What happens when the sample comes from a population that is not normally distributed? This is where the Central Limit Theorem (CLT) comes in.
Central Limit Theorem
For a large sample size (we will explain this later), \(\bar{x}\) is approximately normally distributed, regardless of the distribution of the population one samples from. If the population has mean \(\mu\) and standard deviation \(\sigma\), then the distribution of \(\bar{x}\) has mean \(\mu\) and standard deviation \(\dfrac{\sigma}{\sqrt{n}}\).
We should stop here to break down what this theorem is saying because the Central Limit Theorem is very powerful!
The Central Limit Theorem applies to a sample mean from any distribution. We could have a left-skewed or a right-skewed distribution. As long as the sample size is large, the distribution of the sample means will follow an approximate Normal distribution.

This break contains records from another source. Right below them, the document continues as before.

Section FiberSum.
Variables (k : fieldType) (m : nat).
Local Notation n := m.+2.
Local Notation top := (@ord_max m.+1).
Variables (b : 'I_n -> nat) (t : nat) (z : expv n).
Hypothesis z_inner : forall p, inner p -> z p = 0%N.
(* With [Vn_pn_exp], every monomial of x^z p_n has degree vector b + 2t e_top. *)
Hypothesis Vn_z : forall r,
  (Vn z r + (if r == top then 'C(m.+1, 2) * 2 else m) = b r + (top == r) * t.*2)%N.
Hypothesis b_top : (m <= b top)%N.

Local Notation shift := (evec (diag top) *+ t).
Local Notation choices := (family (@choice_dom m)).
Local Notation choice_of := (@choice_of m).

Lemma Vn_shift r : Vn shift r = ((top == r) * t.*2)%N.
Proof. by rewrite VnMn Vn_evec incid_diag -doubleMl doubleMr. Qed.

Lemma Vn_pn_exp_z f r : Vn (pn_exp f + z) r = (b r + (top == r) * t.*2)%N.
Proof. by rewrite VnD Vn_pn_exp addnC Vn_z. Qed.

Lemma eqJ_mono_shift s : in_fiber b s ->
  eqJ (mono k (s + shift)) (mono k (pn_exp (choice_of s) + z)).
Proof.
move=> fib_s.
have [v1 [eqJ1 Vn1 odd1]] := eqJ_mono_reduce k (s + shift).
have [v2 [eqJ2 Vn2 odd2]] := eqJ_mono_reduce k (pn_exp (choice_of s) + z).
have Vn_eq r : Vn (s + shift) r = Vn (pn_exp (choice_of s) + z) r.
  by rewrite Vn_pn_exp_z VnD Vn_shift (fib_s r : Vn s r = b r).
have odd_eq : forall p : upair n, offdiag p ->
    odd ((s + shift)%R p) = odd ((pn_exp (choice_of s) + z)%R p).
  apply: (odd_offdiag_extend Vn_eq) => p op lt_p; have ip : inner p by apply/andP.
  rewrite !expvD expvMn evecE offdiag_diagF // z_inner // pn_exp_inner //.
  by rewrite ffunE ip !addn0 oddb.
suff eq_v : v1 = v2 by apply: eqJ_trans eqJ1 _; rewrite eq_v; apply: eqJ_sym.
apply: expv_eq_Vn => [r|p op]; first by rewrite Vn1 Vn2 Vn_eq.
by rewrite odd1 // odd2 // odd_eq.
Qed.

Lemma choice_of_onto S f : reps b S -> f \in choices -> f \in map choice_of S.
Proof.
case=> _ S_all _ f_dom.
have [v [eqJ_v Vn_v odd_v]] := eqJ_mono_reduce k (pn_exp f + z).
have t_le : (t <= v (diag top))%N.
  have := Vn_split v top; rewrite Vn_v Vn_pn_exp_z eqxx mul1n.
  have : (\sum_(p | offdiag p) v p * incid top p <= m.+1)%N.
    rewrite -[X in (_ <= X)%N]sum_incid_top; apply: leq_sum => p op.
    by rewrite odd_v //; case: (odd _); rewrite ?mul1n ?mul0n.
  by set S_top := (\sum_(p | _) _)%N; lia.
pose u : expv n := [ffun q => v q - (q == diag top) * t]%N.
have v_u : v = u + shift.
  apply/ffunP => q; rewrite expvD expvMn evecE ffunE.
  by case: eqP => [->|_]; rewrite ?mul1n ?subnK // mul0n subn0 addn0.
have fib_u : in_fiber b u.
  by move=> r; have := Vn_v r; rewrite Vn_pn_exp_z v_u VnD Vn_shift => /addIn.
have [s s_S equiv_us] := S_all u fib_u.
apply/mapP; exists s => //; apply/ffunP => q; rewrite ffunE.
have [iq|niq] := boolP (inner q); last first.
  by move/familyP: f_dom => /(_ q); rewrite unfold_in /choice_dom (negbTE niq) => /negbTE.
rewrite /= -(equivL_odd equiv_us (inner_offdiag iq)).
have -> : u q = v q by rewrite ffunE offdiag_diagF ?inner_offdiag // mul0n subn0.
by rewrite odd_v ?inner_offdiag // oddb expvD z_inner // addn0 pn_exp_inner // oddb.
Qed.

Lemma choice_of_uniq S : reps b S -> uniq (map choice_of S).
Proof.
case=> S_fib _ S_distinct; apply/(uniqP (choice_of [ffun => 0%N])) => a c.
rewrite !inE size_map => lt_a lt_c; rewrite !(nth_map [ffun => 0%N]) // => eq_ac.
apply/eqP/negPn/negP => /eqP ne_ac; apply: (S_distinct a c lt_a lt_c ne_ac).
set sa := nth _ S a in eq_ac *; set sc := nth _ S c in eq_ac *.
have Vn_ac : Vn sa =1 Vn sc.
  move=> r; rewrite (S_fib _ (mem_nth _ lt_a) r : Vn sa r = b r).
  by rewrite (S_fib _ (mem_nth _ lt_c) r : Vn sc r = b r).
apply: (equivL_of_odd Vn_ac); apply: (odd_offdiag_extend Vn_ac) => p op lt_p.
have ip : inner p by apply/andP.
by move/ffunP/(_ p): eq_ac; rewrite !ffunE ip.
Qed.

Lemma eqJ_psum_pn S : reps b S -> eqJ (xv k top top ^+ t * psum k S) (mono k z * pn k n).
Proof.
move=> S_reps; have [S_fib _ _] := S_reps.
have -> : xv k top top ^+ t * psum k S = \sum_(s <- S) mono k (s + shift).
  by rewrite /psum mulr_sumr; apply: eq_bigr => s _; rewrite monoD monoMn mono_evec mulrC.
have -> : mono k z * pn k n = \sum_(f in choices) mono k (pn_exp f + z).
  by rewrite pn_expand mulr_sumr; apply: eq_bigr => f _; rewrite monoD mulrC.
apply: (eqJ_trans (g := \sum_(s <- S) mono k (pn_exp (choice_of s) + z))).
  by apply: eqJ_sum => s /S_fib; apply: eqJ_mono_shift.
have perm_S : perm_eq (map choice_of S) (enum choices).
  apply: uniq_perm; [exact: choice_of_uniq | exact: enum_uniq | move=> f].
  rewrite mem_enum; apply/idP/idP => [/mapP [s _ ->]|]; last exact: choice_of_onto.
  by apply/familyP => q; rewrite unfold_in /choice_dom ffunE; case: (inner q).
by rewrite -big_enum -(perm_big _ perm_S) big_map; apply: eqJ_refl.
Qed.

End FiberSum.

Lemma double_sigma m :
  (('C(m.+1, 2) - (m.+1)./2).*2 + m.+1 = 'C(m.+1, 2).*2 + odd m.+1)%N.
Proof.
have half_le : ((m.+1)./2 <= 'C(m.+1, 2))%N.
  by rewrite binS bin1; apply: leq_trans (leq_addl _ _); have := odd_double_half m.+1; lia.
by have := odd_double_half m.+1; lia.
Qed.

For the purposes of this course, a sample size of \(n>30\) is considered a large sample.
For many people just learning statistics there is a "so what" thought about the CLT. Why is this important and why do I care? If you recall, when we introduced the idea of Z scores we did so with the caveat that the distribution was normal. We take the observed data, that is normally distributed, and convert the data to z scores creating a standard normal distribution. We then leveraged this distribution to find percentiles (and will in future units leverage this to find probabilities.
The CLT allows us to assume a distribution IS normal as long as the sample size is greater than 30 observations. With this, we can apply most of our inferential statistics without having to compensate for non-normal distributions. This will take on greater relevance as we move through the course.
Sampling Distribution of the Sample Mean Section
With the Central Limit Theorem, we can finally define the sampling distribution of the sample mean.
Sampling Distribution of the Sample Mean
The sampling distribution of the sample mean will have:
- the same mean as the population mean, \(\mu\)
- Standard deviation [standard error] of \(\dfrac{\sigma}{\sqrt{n}}\)
It will be Normal (or approximately Normal) if either of these conditions is satisfied
- The population distribution is Normal
- The sample size is large (greater than 30).